16 points by VonGuard 1776 days ago | hide | past | web | 16 comments | favorite
So, Romney's Orca campaigning application was supposedly written with Microsoft and a third party contract firm. Who was this firm? Anyone know? I'm more interested in figuring out whether they outright sabotaged the thing, or if it was just mismanaged and rushed. It's the first I've heard of software failures being involved in election coordination failures, and I find it interesting from a forensic stand point.

One of the comments mentioned a rumour of it being a division of Accenture in India.. which would be a story in of itself.


Soooooooooo, the Republican part out-sourced these campaign jobs?

> first I've heard of software failures being involved in election coordination failures

There are a bunch of vague reports that Obama's team had a similar failure of a big new computerized voter-tracking system on Election Day 2008, but they had also distributed the traditional paper "strike lists" to volunteers, so those were used as a fallback.

That's funny. Kinda like NASA and the Soviet space program. NASA spent 5 years and 100 million $ to develop a pen that writes in space. The Russians used pencils.

Whilst a funny anecdote, there's only a hint of truth to that story. http://en.wikipedia.org/wiki/Space_Pen

The Fisher 'space-pen' was developed independently without government funding and was actually later adopted by Russian cosmonauts as well.

Simple ingenuity aside, I can see why. Lead dust in zero gravity (and/or pencil shavings) not ideal for a mission-vehicle. They are normally assembled in a clean-room, no?

I'm sure there were enough failures in planning and execution for it not to be attributable to any one person, perhaps by design.

In any case, someone signed the check and approved the overall design. This someone is ultimately responsible for the failure.

Just because this is a search for a scapegoat doesn't mean that there is one. This project was the brainchild of at least two large dumb organizations, a political party and a campaign.
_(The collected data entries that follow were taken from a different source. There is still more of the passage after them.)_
(* Let $X$ be a proper CAT(0) space and let $b$ and $c$ be distinct geodesic rays starting at $\mathfrak o$. Then for every $n>0$, $c$ is not contained in $\mathcal N_\kappa(b,n)$. In particular, distinct geodesic rays do not $\kappa$--fellow travel, so each $\kappa$--fellow travelling class of quasi-geodesic rays contains at most one geodesic ray.
   Context: $X$ has base point $\mathfrak o$, $\|x\|=d_X(\mathfrak o,x)$. $\kappa:[0,\infty)\to[1,\infty)$ is monotone increasing, concave and sublinear, $\kappa(x):=\kappa(\|x\|)$. $\mathcal N_\kappa(Z,n)=\{x: d_X(x,Z)\le n\,\kappa(x)\}$. Two quasi-geodesic rays (continuous quasi-isometric embeddings of $[0,\infty)$ starting at $\mathfrak o$) $\kappa$--fellow travel if each lies in some $(\kappa,n)$--neighbourhood of the other. *)

From Stdlib Require Import Reals.
Open Scope R_scope.

Definition is_metric {X : Type} (d : X -> X -> R) : Prop :=
  (forall x y, 0 <= d x y) /\
  (forall x y, d x y = 0 <-> x = y) /\
  (forall x y, d x y = d y x) /\
  (forall x y z, d x z <= d x y + d y z).

Definition geodesic_from_to {X : Type} (d : X -> X -> R) (g : R -> X) (x y : X) : Prop :=
  g 0 = x /\ g (d x y) = y /\
  forall s t, 0 <= s <= d x y -> 0 <= t <= d x y -> d (g s) (g t) = Rabs (s - t).

Definition geodesic_space {X : Type} (d : X -> X -> R) : Prop :=
  forall x y, exists g, geodesic_from_to d g x y.

Definition eucl (a b : R * R) : R :=
  sqrt ((fst a - fst b) ^ 2 + (snd a - snd b) ^ 2).

Definition seg_point (a b : R * R) (s : R) : R * R :=
  let l := eucl a b in
  (fst a + (s / l) * (fst b - fst a), snd a + (s / l) * (snd b - snd a)).

(** Since x, y, z range over all triples, this covers every pair of
    distinct sides; points on the same side satisfy it with equality. *)
Definition CAT0_ineq {X : Type} (d : X -> X -> R) : Prop :=
  forall (x y z : X) (g1 g2 : R -> X) (a b c : R * R) (s t : R),
    geodesic_from_to d g1 x y -> geodesic_from_to d g2 x z ->
    eucl a b = d x y -> eucl a c = d x z -> eucl b c = d y z ->
    0 <= s <= d x y -> 0 <= t <= d x z ->
    d (g1 s) (g2 t) <= eucl (seg_point a b s) (seg_point a c t).

Definition CAT0_space {X : Type} (d : X -> X -> R) : Prop :=
  is_metric d /\ geodesic_space d /\ CAT0_ineq d.

(** Proper: closed balls are compact (sequential compactness, equivalent
    to compactness in metric spaces). *)
Definition proper_space {X : Type} (d : X -> X -> R) : Prop :=
  forall (x0 : X) (r : R) (u : nat -> X),
    (forall n, d x0 (u n) <= r) ->
    exists (phi : nat -> nat) (l : X),
      (forall n m, (n < m)%nat -> (phi n < phi m)%nat) /\
      d x0 l <= r /\
      forall eps, eps > 0 -> exists N, forall n, (n >= N)%nat -> d (u (phi n)) l < eps.

Definition quasi_geodesic_ray {X : Type} (d : X -> X -> R) (o : X) (q : R -> X) : Prop :=
  q 0 = o /\
  (forall t, 0 <= t -> forall eps, eps > 0 -> exists delta, delta > 0 /\
      forall s, 0 <= s -> Rabs (s - t) < delta -> d (q s) (q t) < eps) /\
  exists K C, K >= 1 /\ C >= 0 /\
    forall s t, 0 <= s -> 0 <= t ->
      Rabs (s - t) / K - C <= d (q s) (q t) <= K * Rabs (s - t) + C.

Definition geodesic_ray {X : Type} (d : X -> X -> R) (o : X) (c : R -> X) : Prop :=
  c 0 = o /\ forall s t, 0 <= s -> 0 <= t -> d (c s) (c t) = Rabs (s - t).

Definition distinct_rays {X : Type} (b c : R -> X) : Prop :=
  exists t, 0 <= t /\ b t <> c t.

Definition sublinear_kappa (kappa : R -> R) : Prop :=
  (forall t, 0 <= t -> 1 <= kappa t) /\
  (forall s t, 0 <= s -> s <= t -> kappa s <= kappa t) /\
  (forall s t l, 0 <= s -> 0 <= t -> 0 <= l <= 1 ->
      l * kappa s + (1 - l) * kappa t <= kappa (l * s + (1 - l) * t)) /\
  (forall eps, eps > 0 -> exists T, forall t, t >= T -> t > 0 -> kappa t / t < eps).

(** d(x, Z) <= r, where Z = image of [0,oo) under the ray b, and
    d(x,Z) = inf_{z in Z} d(x,z). *)
Definition dist_to_ray_le {X : Type} (d : X -> X -> R) (x : X) (b : R -> X) (r : R) : Prop :=
  forall eps, eps > 0 -> exists t, 0 <= t /\ d x (b t) < r + eps.

Definition in_kappa_nbhd {X : Type} (d : X -> X -> R) (o : X) (kappa : R -> R)
    (c b : R -> X) (n : R) : Prop :=
  forall t, 0 <= t -> dist_to_ray_le d (c t) b (n * kappa (d o (c t))).

Definition kappa_fellow_travel {X : Type} (d : X -> X -> R) (o : X) (kappa : R -> R)
    (b c : R -> X) : Prop :=
  (exists n, n > 0 /\ in_kappa_nbhd d o kappa c b n) /\
  (exists n, n > 0 /\ in_kappa_nbhd d o kappa b c n).

From Stdlib Require Import Reals Lra Psatz.
Open Scope R_scope.

(** Distinct geodesic rays b, c from o in a CAT(0) space diverge linearly,
    while a ray in a kappa-neighbourhood of another stays sublinearly close.

    - In a Euclidean isosceles triangle with legs T and base D, the points at
      distance s from the apex on the two legs are at distance s * D / T.
    - Hence, by the CAT(0) inequality applied to the triangle o, b T, c T,
      for 0 <= t <= T we get T * d(b t, c t) <= t * d(b T, c T): the
      separation of two rays grows at least linearly.
    - In any metric space, if x is within r of a geodesic ray b from o, then
      x is within 2r of b(|x|), the point of b at the same distance from o.
      So c inside N_kappa(b, n) gives d(b T, c T) <= 2 n kappa(T).
    - Picking t0 with b t0 <> c t0 and T large, sublinearity of kappa
      contradicts the linear lower bound.  Fellow travelling would in
      particular put c in some N_kappa(b, n), so it is impossible too. *)

Lemma isosceles_comparison_triangle (T D s : R) :
  0 < T -> 0 <= D <= 2 * T -> 0 <= s <= T ->
  exists a b c, eucl a b = T /\ eucl a c = T /\ eucl b c = D /\
    eucl (seg_point a b s) (seg_point a c s) = s * D / T.
Proof.
  intros HT HD Hs.
  assert (sqrt_sq : forall e v, 0 <= v -> e = v * v -> sqrt e = v)
    by (intros e v Hv ->; apply sqrt_square; lra).
  (* apex at the origin, b = (T, 0), c = (x, y) with |c| = T and |b - c| = D *)
  set (x := T - D * D / (2 * T)).
  assert (Hbase : 2 * T * T - 2 * T * x = D * D) by (unfold x; field; lra).
  assert (Hx : - T <= x <= T).
  { assert (0 <= D * D / (2 * T) <= 2 * T); [|unfold x; lra].
    split; [apply Rmult_le_pos; [nra | left; apply Rinv_0_lt_compat; lra]|].
    apply Rmult_le_reg_r with (2 * T); [lra|].
    unfold Rdiv; rewrite Rmult_assoc, Rinv_l by lra; nra. }
  set (y := sqrt (T * T - x * x)).
  assert (Hy : y ^ 2 = T * T - x * x)
    by (rewrite <- (sqrt_sqrt (T * T - x * x)) by nra; unfold y; ring).
  assert (Eab : eucl (0, 0) (T, 0) = T)
    by (unfold eucl; simpl; apply sqrt_sq; lra).
  assert (Eac : eucl (0, 0) (x, y) = T)
    by (unfold eucl; simpl; apply sqrt_sq; nra).
  exists (0, 0), (T, 0), (x, y).
  split; [exact Eab|]. split; [exact Eac|]. split.
  - unfold eucl; simpl. apply sqrt_sq; nra.
  - unfold seg_point. rewrite Eab, Eac. unfold eucl; simpl.
    apply sqrt_sq.
    + apply Rmult_le_pos; [nra | left; apply Rinv_0_lt_compat; lra].
    + field_simplify; try lra. rewrite Hy.
      f_equal. replace (D ^ 2) with (D * D) by ring. rewrite <- Hbase. ring.
Qed.

Section GeodesicRays.

Variables (X : Type) (d : X -> X -> R) (o : X).
Hypothesis d_metric : is_metric d.

Lemma ray_norm (b : R -> X) (T : R) :
  geodesic_ray d o b -> 0 <= T -> d o (b T) = T.
Proof.
  intros [b0 biso] HT. rewrite <- b0, biso by lra.
  rewrite Rabs_left1 by lra. lra.
Qed.

Lemma ray_segment (b : R -> X) (T : R) :
  geodesic_ray d o b -> 0 <= T -> geodesic_from_to d b o (b T).
Proof.
  intros Hb HT. pose proof (ray_norm b T Hb HT) as Enorm.
  destruct Hb as [b0 biso]. unfold geodesic_from_to. rewrite Enorm.
  split; [exact b0|]. split; [reflexivity|].
  intros s t Hs Ht. apply biso; lra.
Qed.

(** A point within r of a geodesic ray b from o is within 2 r of the point
    of b at the same distance from o: by the reverse triangle inequality,
    d(x, b s) >= | |x| - s | = d(b |x|, b s). *)
Lemma near_ray_same_norm (b : R -> X) (x : X) (r : R) :
  geodesic_ray d o b -> dist_to_ray_le d x b r -> d x (b (d o x)) <= 2 * r.
Proof.
  destruct d_metric as [dpos [_ [dsym dtri]]].
  intros Hb Hnear. apply Rle_plus_epsilon. intros eps Heps.
  destruct (Hnear (eps / 2) ltac:(lra)) as [s [Hs Hclose]].
  assert (Hnx : 0 <= d o x) by apply dpos.
  assert (Halong : d (b (d o x)) (b s) = Rabs (d o x - s))
    by (apply (proj2 Hb); lra).
  assert (Hrev : Rabs (d o x - s) <= d x (b s)).
  { pose proof (dtri o x (b s)). pose proof (dtri o (b s) x).
    rewrite (ray_norm b s Hb Hs) in *. rewrite (dsym (b s) x) in *.
    apply Rabs_le; lra. }
  pose proof (dtri x (b s) (b (d o x))). rewrite (dsym (b s)) in *. lra.
Qed.

(** Linear divergence of geodesic rays in a CAT(0) space: for 0 <= t <= T,
    T * d(b t, c t) <= t * d(b T, c T), by comparison with the Euclidean
    isosceles triangle of the geodesic triangle (o, b T, c T). *)
Lemma cat0_rays_diverge_linearly (b c : R -> X) (t T : R) :
  CAT0_ineq d -> geodesic_ray d o b -> geodesic_ray d o c ->
  0 <= t <= T -> 0 < T -> T * d (b t) (c t) <= t * d (b T) (c T).
Proof.
  destruct d_metric as [dpos [_ [dsym dtri]]].
  intros Hcat Hb Hc Ht HT.
  set (D := d (b T) (c T)).
  assert (HD : 0 <= D <= 2 * T).
  { split; [apply dpos|]. pose proof (dtri (b T) o (c T)).
    rewrite (dsym (b T) o), (ray_norm b T Hb), (ray_norm c T Hc) in * by lra.
    unfold D; lra. }
  destruct (isosceles_comparison_triangle T D t HT HD Ht)
    as [pa [pb [pc [Eab [Eac [Ebc Epts]]]]]].
  pose proof (Hcat o (b T) (c T) b c pa pb pc t t
    (ray_segment b T Hb ltac:(lra)) (ray_segment c T Hc ltac:(lra))) as Hcmp.
  rewrite (ray_norm b T Hb), (ray_norm c T Hc) in Hcmp by lra.
  specialize (Hcmp Eab Eac Ebc ltac:(lra) ltac:(lra)).
  rewrite Epts in Hcmp.
  apply Rmult_le_compat_l with (r := T) in Hcmp; [|lra].
  replace (T * (t * D / T)) with (t * D) in Hcmp by (field; lra). lra.
Qed.

Lemma distinct_rays_separated (b c : R -> X) :
  geodesic_ray d o b -> geodesic_ray d o c -> distinct_rays b c ->
  exists t0, 0 < t0 /\ 0 < d (b t0) (c t0).
Proof.
  destruct d_metric as [dpos [dzero _]].
  intros [b0 _] [c0 _] [t0 [Ht0 Hne]]. exists t0. split.
  - destruct Ht0 as [Hlt | <-]; [exact Hlt|]. rewrite b0, c0 in Hne. easy.
  - destruct (dpos (b t0) (c t0)) as [Hlt | Heq]; [exact Hlt|].
    exfalso. apply Hne, dzero. auto.
Qed.

End GeodesicRays.

Lemma sublinear_below_linear (kappa : R -> R) (eps T0 : R) :
  sublinear_kappa kappa -> 0 < eps ->
  exists T, T0 <= T /\ 0 < T /\ kappa T < eps * T.
Proof.
  intros [_ [_ [_ Hsub]]] Heps.
  destruct (Hsub eps Heps) as [T1 HT1].
  set (T := Rmax (Rmax T1 T0) 1).
  assert (HT : T1 <= T /\ T0 <= T /\ 1 <= T).
  { unfold T. pose proof (Rmax_l T1 T0). pose proof (Rmax_r T1 T0).
    pose proof (Rmax_l (Rmax T1 T0) 1). pose proof (Rmax_r (Rmax T1 T0) 1). lra. }
  exists T. split; [lra|]. split; [lra|].
  specialize (HT1 T ltac:(lra) ltac:(lra)).
  apply Rmult_lt_compat_r with (r := T) in HT1; [|lra].
  unfold Rdiv in HT1. rewrite Rmult_assoc, Rinv_l, Rmult_1_r in HT1 by lra.
  exact HT1.
Qed.

Theorem lemma3p3 (X : Type) (d : X -> X -> R) (o : X) (kappa : R -> R)
    (hX : CAT0_space d) (hprop : proper_space d) (hk : sublinear_kappa kappa)
    (b c : R -> X) (hb : geodesic_ray d o b) (hc : geodesic_ray d o c)
    (hbc : distinct_rays b c) :
  (forall n, n > 0 -> ~ in_kappa_nbhd d o kappa c b n) /\
  ~ kappa_fellow_travel d o kappa b c.
Proof.
  destruct hX as [Hmetric [_ Hcat]].
  assert (not_in_nbhd : forall n, n > 0 -> ~ in_kappa_nbhd d o kappa c b n).
  { intros n Hn Hin.
    destruct (distinct_rays_separated X d o Hmetric b c hb hc hbc)
      as [t0 [Ht0 Hsep]].
    set (delta := d (b t0) (c t0)) in Hsep.
    (* T large with 2 n t0 kappa(T) < delta * T *)
    destruct (sublinear_below_linear kappa (delta / (2 * n * t0)) t0 hk)
      as [T [HT0 [HT Hsmall]]].
    { apply Rdiv_lt_0_compat; nra. }
    assert (Hlower : T * delta <= t0 * d (b T) (c T))
      by (apply (cat0_rays_diverge_linearly X d o Hmetric b c t0 T Hcat hb hc); lra).
    assert (Hupper : d (b T) (c T) <= 2 * (n * kappa T)).
    { pose proof (near_ray_same_norm X d o Hmetric b (c T) _ hb (Hin T ltac:(lra))) as H.
      rewrite (ray_norm X d o c T hc ltac:(lra)) in H.
      rewrite (proj1 (proj2 (proj2 Hmetric))). exact H. }
    apply Rmult_lt_compat_l with (r := 2 * n * t0) in Hsmall; [|nra].
    replace (2 * n * t0 * (delta / (2 * n * t0) * T)) with (T * delta) in Hsmall
      by (field; lra).
    nra. }
  split; [exact not_in_nbhd|].
  intros [[n [Hn Hin]] _]. exact (not_in_nbhd n Hn Hin).
Qed.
Most enterprise software projects sabotage themselves.


  Never attribute to malice that which
  is adequately explained by stupidity.

The question is <whose> stupidity? Assuming "the customer is always right", that leaves the vendor.
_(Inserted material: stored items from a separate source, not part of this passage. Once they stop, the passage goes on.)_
Lemma weighted_power_RInt (al be u v t : R) : 0 < u <= v ->
  is_RInt (fun x => (al * x + be) * Rpower x t) u v
    (((al * v + be) * prim1 t v - al * prim2 t v)
     - ((al * u + be) * prim1 t u - al * prim2 t u)).
Proof.
  intros Huv.
  assert (Hpos : forall x, Rmin u v <= x <= Rmax u v -> 0 < x).
  { intros x Hx. rewrite Rmin_left in Hx; lra. }
  apply (is_RInt_derive (fun x => (al * x + be) * prim1 t x - al * prim2 t x)).
  - intros x Hx. specialize (Hpos x Hx).
    assert (Hlin : is_derive (fun y => al * y + be) x al) by (auto_derive; [exact I | ring]).
    assert (Hd := is_derive_minus _ _ x _ _
      (is_derive_mult _ _ x _ _ Hlin (prim1_derive t x Hpos) Rmult_comm)
      (is_derive_scal _ x al _ (prim2_derive t x Hpos))).
    unfold plus, minus, opp, mult, scal in Hd; simpl in Hd.
    replace ((al * x + be) * Rpower x t)
      with (al * prim1 t x + (al * x + be) * Rpower x t + - (al * prim1 t x)) by ring.
    exact Hd.
  - intros x Hx. specialize (Hpos x Hx).
    apply (ex_derive_continuous (fun y => (al * y + be) * Rpower y t)).
    unfold Rpower. auto_derive. exact Hpos.
Qed.

Definition tent (a b x : R) : R := Rmin (x - a) (b - x).

Definition moment (a b t : R) : R := prim2 t a + prim2 t b - 2 * prim2 t ((a + b) / 2).

(* [moment a b t] is the integral of [tent a b x * x^t] over [a,b]:
   integrate each linear half of the tent separately. *)
Lemma moment_RInt (a b t : R) : 0 < a < b ->
  is_RInt (fun x => tent a b x * Rpower x t) a b (moment a b t).
Proof.
  intros Hab. set (m := (a + b) / 2).
  assert (Hleft := weighted_power_RInt 1 (- a) a m t ltac:(unfold m; lra)).
  assert (Hright := weighted_power_RInt (-1) b m b t ltac:(unfold m; lra)).
  apply (is_RInt_ext _ (fun x => tent a b x * Rpower x t)) in Hleft, Hright;
    try (intros x Hx; unfold tent;
         rewrite Rmin_left, Rmax_right in Hx by (unfold m; lra);
         f_equal; unfold m in Hx;
         first [rewrite Rmin_left by lra | rewrite Rmin_right by lra]; ring).
  replace (moment a b t) with (plus
    ((1 * m + - a) * prim1 t m - 1 * prim2 t m - ((1 * a + - a) * prim1 t a - 1 * prim2 t a))
    ((-1 * b + b) * prim1 t b - -1 * prim2 t b - ((-1 * m + b) * prim1 t m - -1 * prim2 t m))).
  - exact (is_RInt_Chasles _ _ _ _ _ _ Hleft Hright).
  - unfold moment, m, plus; simpl. field.
Qed.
Although you may be implying: "the customer is always stupid".

Malice and stupidity aren't mutually exclusive.

From my reading of it they didn't do enough user testing or training. But this may have been outside the scope of the contracted firm; they probably delivered exactly what has asked for, and no more.

My reading seemed to indicate complete architectural failure. 11 database servers for the desktop app, but only 1 app/DB server for the mobile app, which most people were using. Also, Comcast shut them down over DDoS concerns somewhere, meaning they were going through a home or office account as a choke point?!

I wonder if we'll ever see a decent post-mortem of this, with detailed information about the proposed architecture, hardware and software, where the servers were hosted etc.